# Data to examine

Lemma stochastic_row_pos i : exists j, 0 < P i j.
Proof.
apply: contrapT => nopos; case: sP => P0 P1; move: (P1 i).
rewrite big1 => [/esym/eqP|j _]; first by rewrite oner_eq0.
apply/eqP; rewrite eq_le P0 andbT leNgt; apply/negP => pj; apply: nopos.
by exists j.
Qed.

Lemma harmonic_max_step (x : 'I_n -> R) i j :
  x i = \sum_k P i k * x k -> (forall k, x k <= x i) -> 0 < P i j -> x j = x i.
Proof.
move=> hi hmax pij.
have sum0 : \sum_k P i k * (x i - x k) = 0.
  under eq_bigr do rewrite mulrBr.
  by rewrite sumrB stochastic_mulr_sum_const -hi subrr.
have term_ge0 k : true -> 0 <= P i k * (x i - x k).
  by rewrite mulr_ge0 ?stochastic_ge0 ?subr_ge0.
move/eqP: (@psumr_eq0P _ _ _ _ term_ge0 sum0 j isT).
by rewrite mulf_eq0 (gt_eqF pij) subr_eq0 => /eqP ->.
Qed.

Lemma harmonic_max_connect (x : 'I_n -> R) i j :
  (forall k, x k = \sum_l P k l * x l) -> (forall k, x k <= x i) ->
  connect (acc P) i j -> x j = x i.
Proof.
move=> hx hmax /connectP [p pth ->].
elim: p i pth hmax => //= a p IH i /andP [ia pth] hmax.
have ea : x a = x i := harmonic_max_step (hx i) hmax ia.
by rewrite (IH a pth) // => k; rewrite ea.
Qed.

(* A state of minimal reachable set is recurrent. *)
Lemma exists_recurrent_connect i : exists2 r, recurrent P r & connect (acc P) i r.
Proof.
case: (@arg_minnP _ i (connect (acc P) i)
   (fun j => #|[set k | connect (acc P) j k]|)) => // j ij jmin.
exists j => //; apply/forallP => k; apply/implyP => jk.
have sub : [set l | connect (acc P) k l] \subset [set l | connect (acc P) j l].
  by apply/fintype.subsetP => l; rewrite !inE; apply: connect_trans.
have : [set l | connect (acc P) j l] \subset [set l | connect (acc P) k l].
  rewrite -(subset_leqif_card sub).2 eqn_leq (subset_leq_card sub).
  exact: jmin (connect_trans ij jk).
by move/fintype.subsetP/(_ j); rewrite !inE connect0 => /(_ isT).
Qed.

Hypothesis uP : unichain P.

Lemma unichain_connect_recurrent r : recurrent P r -> forall i, connect (acc P) i r.
Proof.
move=> rr i; have [r' rr' ir'] := exists_recurrent_connect i.
exact: connect_trans ir' (uP rr' rr).
Qed.

Lemma unichain_harmonic_const (x : 'I_n -> R) :
  (forall k, x k = \sum_l P k l * x l) -> forall j s, x j = x s.
Proof.
move=> hx j s.
have [imax Hmax] := exists_argmax j x.
have [imin Hmin] := exists_argmin j x.
have [r1 rec1 c1] := exists_recurrent_connect imax.
have [r2 rec2 c2] := exists_recurrent_connect imin.
have e1 : x r1 = x imax := harmonic_max_connect hx Hmax c1.
have e2 : x r2 = x imax.
  by rewrite -e1; apply: harmonic_max_connect hx _ (uP rec1 rec2) => k; rewrite e1.
have e3 : - x r2 = - x imin.
  apply: (@harmonic_max_connect (fun k => - x k)) c2 => k.
    by rewrite hx -sumrN; apply: eq_bigr => l _; rewrite mulrN.
  by rewrite lerN2.
by have := Hmin j; have := Hmax j; have := Hmin s; have := Hmax s; lra.
Qed.

Lemma poisson_gain_bound (i0 : 'I_n) (c delta : R) (x e : 'I_n -> R) :
  (forall i, c + x i = \sum_k P i k * x k + e i) -> (forall i, `|e i| <= delta) ->
  `|c| <= delta.
Proof.
move=> hx he.
have [imax Hmax] := exists_argmax i0 x.
have [imin Hmin] := exists_argmin i0 x.
have h1 := stochastic_avg_le imax Hmax; have h2 := stochastic_avg_ge imin Hmin.
have h3 := hx imax; have h4 := hx imin.
move: (he imax) (he imin); rewrite !ler_norml => /andP [e1 e2] /andP [e3 e4].
by apply/andP; split; lra.
Qed.

Lemma poisson_bias_unique (r : 'I_n -> R) g b g' b' :
  (forall i, g + b i = r i + \sum_j P i j * b j) ->
  (forall i, g' + b' i = r i + \sum_j P i j * b' j) ->
  forall j s, b j - b' j = b s - b' s.
Proof.
move=> hb hb' j.
pose x i := b i - b' i.
have hx i : (g - g') + x i = \sum_k P i k * x k + 0.
  rewrite addr0 /x; under eq_bigr do rewrite mulrBr.
  by rewrite sumrB; have := hb i; have := hb' i; lra.
have /eqP gg : g - g' == 0.
  by rewrite -normr_le0; apply: (poisson_gain_bound (e := fun=> 0) j hx) => i; rewrite normr0.
apply: (unichain_harmonic_const (x := x)) => k.
by have := hx k; rewrite gg add0r addr0.
Qed.

End StochasticMatrix.

Section HittingTimes.
Variables (R : realType) (n : nat) (P : 'M[R]_n) (s' : 'I_n).
Hypothesis sP : stochastic P.

Definition hit_psum (N : nat) (i : 'I_n) : R := \sum_(0 <= t < N) surv P s' t i.

Lemma survS t i : surv P s' t.+1 i = \sum_(j | j != s') P i j * surv P s' t j.
Proof. by []. Qed.

Lemma taboo_mass i : \sum_(k | k != s') P i k = 1 - P i s'.
Proof. by case: sP => _ P1; move: (P1 i); rewrite (bigD1 s') //=; lra. Qed.

Lemma taboo_avg_le i (w : 'I_n -> R) :
  (forall k, w k <= 1) -> \sum_(k | k != s') P i k * w k <= 1 - P i s'.
Proof.
move=> hw; rewrite -taboo_mass; apply: ler_sum => k _.
by rewrite -[leRHS]mulr1 ler_wpM2l ?stochastic_ge0.
Qed.

Lemma taboo_avg_lt i j (w : 'I_n -> R) : (forall k, w k <= 1) ->
  0 < P i j -> j != s' -> w j < 1 -> \sum_(k | k != s') P i k * w k < 1 - P i s'.
Proof.
move=> hw pij js wj; rewrite -taboo_mass -subr_gt0 -sumrB.
under eq_bigr do rewrite -[X in X - _]mulr1 -mulrBr.
rewrite (bigD1 j) //= ltr_pwDl ?mulr_gt0 ?subr_gt0 //.
by apply: sumr_ge0 => k _; rewrite mulr_ge0 ?stochastic_ge0 ?subr_ge0.
Qed.

Lemma surv_ge0 t i : 0 <= surv P s' t i.
Proof.
elim: t i => [|t IH] i; first exact: ler01.
by rewrite survS; apply: sumr_ge0 => j _; rewrite mulr_ge0 ?stochastic_ge0.
Qed.

Lemma surv_le1 t i : surv P s' t i <= 1.
Proof.
elim: t i => [|t IH] i //; rewrite survS.
by apply: le_trans (taboo_avg_le i IH) _; rewrite gerBl stochastic_ge0.
Qed.

Lemma surv_nonincreasing t u i : (t <= u)%N -> surv P s' u i <= surv P s' t i.
Proof.
have step m j : surv P s' m.+1 j <= surv P s' m j.
  elim: m j => [|m IH] j; first exact: surv_le1.
  by rewrite survS [leRHS]survS; apply: ler_sum => k _; rewrite ler_wpM2l ?stochastic_ge0.
move/subnK <-; elim: (u - t)%N => [|k IH] //; rewrite addSn.
exact: le_trans (step _ _) IH.
Qed.

Lemma surv_lt1_step t i j :
  0 < P i j -> j = s' \/ surv P s' t j < 1 -> surv P s' t.+1 i < 1.
Proof.
move=> pij hj; rewrite survS.
case: (eqVneq j s') => [ejs|njs].
  by apply: le_lt_trans (taboo_avg_le i (surv_le1 t)) _; rewrite -ejs gtrBl.
case: hj => [/eqP|hj]; first by rewrite (negbTE njs).
apply: lt_le_trans (taboo_avg_lt (surv_le1 t) pij njs hj) _.
by rewrite gerBl stochastic_ge0.
Qed.

Lemma path_surv_lt1 p i :
  path (acc P) i p -> last i p = s' -> p != [::] -> exists k, surv P s' k i < 1.
Proof.
elim: p i => // j p IH i /= /andP [pij pth] hl _.
case: (eqVneq p [::]) => [p0|pn0].
  by exists 1%N; apply: surv_lt1_step pij _; left; move: hl; rewrite p0.
have [k hk] := IH j pth hl pn0.
by exists k.+1; apply: surv_lt1_step pij _; right.
Qed.

Lemma hit_psumS N i :
  hit_psum N.+1 i = 1 + \sum_(j | j != s') P i j * hit_psum N j.
Proof.
rewrite /hit_psum big_nat_recl //=; congr (_ + _).
under [RHS]eq_bigr do rewrite big_distrr /=.
by rewrite exchange_big.
Qed.

Lemma hit_psum_ge0 N i : 0 <= hit_psum N i.
Proof. by apply: sumr_ge0 => t _; exact: surv_ge0. Qed.

Lemma hit_psum_nondecreasing N M i : (N <= M)%N -> hit_psum N i <= hit_psum M i.
Proof.
move=> NM; rewrite /hit_psum (@big_cat_nat _ _ _ N 0 M) //= lerDl.
by apply: sumr_ge0 => t _; exact: surv_ge0.
Qed.

Lemma hit_psum_le N i : hit_psum N i <= N%:R.
Proof.
apply: le_trans (_ : \sum_(0 <= t < N) (1 : R) <= _).
  by apply: ler_sum => t _; exact: surv_le1.
by rewrite sumr_const_nat subn0.
Qed.

Lemma hit_psum_ge_surv N i : N.+1%:R * surv P s' N i <= hit_psum N.+1 i.
Proof.
apply: le_trans (_ : \sum_(0 <= t < N.+1) surv P s' N i <= _).
  by rewrite sumr_const_nat subn0 mulr_natl.
by apply: ler_sum_nat => t /andP [_ tN]; rewrite surv_nonincreasing.
Qed.

Lemma exists_surv_le (C delta : R) : 0 < delta ->
  (forall N i, hit_psum N i <= C) -> exists M, forall i, surv P s' M i <= delta.
Proof.
move=> d0 hC.
have [M hM] : exists M : nat, C / delta <= M%:R.
  case: (lerP 0 (C / delta)) => h; last by exists 0%N; rewrite ltW.
  by exists (Num.bound (C / delta)); apply/ltW/archi_boundP.
exists M => i.
have hM' : C <= delta * M.+1%:R.
  by rewrite mulrC -ler_pdivrMr // (le_trans hM) // ler_nat.
rewrite -(ler_pM2l (ltr0Sn _ M)) [_ * delta]mulrC.
exact: le_trans (hit_psum_ge_surv M i) (le_trans (hC M.+1 i) hM').
Qed.

Lemma hit_psum_bound_ge1 (D : R) : (forall N i, hit_psum N i <= D) -> 1 <= D.
Proof. by move/(_ 1%N s'); rewrite /hit_psum big_nat1. Qed.

Lemma hit_psum_le_supersolution (v : 'I_n -> R) : (forall i, 0 <= v i) ->
  (forall i, 1 + \sum_(j | j != s') P i j * v j <= v i) ->
  forall N i, hit_psum N i <= v i.
Proof.
move=> v0 hv; elim=> [|N IH] i; first by rewrite /hit_psum big_geq.
rewrite hit_psumS; apply: le_trans (hv i); rewrite lerD2l.
by apply: ler_sum => j _; rewrite ler_wpM2l ?stochastic_ge0.
Qed.

(* Unrolling the equation N times leaves a remainder weighted by surv N. *)
Lemma taboo_solution_bound (C F : R) (u f : 'I_n -> R) :
  (forall N i, hit_psum N i <= C) ->
  (forall i, u i = f i + \sum_(j | j != s') P i j * u j) ->
  (forall i, `|f i| <= F) -> forall i, `|u i| <= 2 * F * C.
Proof.
move=> hC hu hf.
have [im Him] := exists_argmax s' (fun j => `|u j|).
set U := `|u im| in Him.
have unroll N i : `|u i| <= F * hit_psum N i + U * surv P s' N i.
  elim: N i => [|N IH] i.
    by rewrite /hit_psum big_geq //= mulr0 add0r mulr1.
  rewrite hu hit_psumS survS; apply: le_trans (ler_normD _ _) _.
  have h2 : `|\sum_(j | j != s') P i j * u j| <=
      \sum_(j | j != s') P i j * (F * hit_psum N j + U * surv P s' N j).
    apply: le_trans (ler_norm_sum _ _ _) _; apply: ler_sum => j _.
    by rewrite normrM ger0_norm ?stochastic_ge0 // ler_wpM2l ?stochastic_ge0.
  have h3 : \sum_(j | j != s') P i j * (F * hit_psum N j + U * surv P s' N j) =
      F * \sum_(j | j != s') P i j * hit_psum N j +
      U * \sum_(j | j != s') P i j * surv P s' N j.
    by rewrite !mulr_sumr -big_split /=; apply: eq_bigr => j _; ring.
  by have := hf i; move: h2; rewrite h3; lra.
have half : (0 : R) < 2^-1 by rewrite invr_gt0.
have [M hM] := exists_surv_le half hC.
have F0 : 0 <= F := le_trans (normr_ge0 _) (hf s').
have U0 : 0 <= U := normr_ge0 _.
move=> i; apply: le_trans (Him i) _.
have := unroll M im; have := hC M im; have := hM im; rewrite -/U; nra.
Qed.

Hypothesis reach : forall i, connect (acc P) i s'.

Lemma exists_surv_lt1 i : exists k, surv P s' k i < 1.
Proof.
have [j pij] := stochastic_row_pos sP i.
have /connectP [p pth hl] := reach j.
by apply: (@path_surv_lt1 (j :: p)) => //=; rewrite pth andbT.
Qed.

# Exercise directions
In the listing above, find the line with "move=> i; apply: le_trans (Him i) _." and the line with "have /connectP [p pth hl] := reach j.", then reproduce both and every line between them exactly.

# Answer box
move=> i; apply: le_trans (Him i) _.
have := unroll M im; have := hC M im; have := hM im; rewrite -/U; nra.
Qed.

Hypothesis reach : forall i, connect (acc P) i s'.

Lemma exists_surv_lt1 i : exists k, surv P s' k i < 1.
Proof.
have [j pij] := stochastic_row_pos sP i.
have /connectP [p pth hl] := reach j.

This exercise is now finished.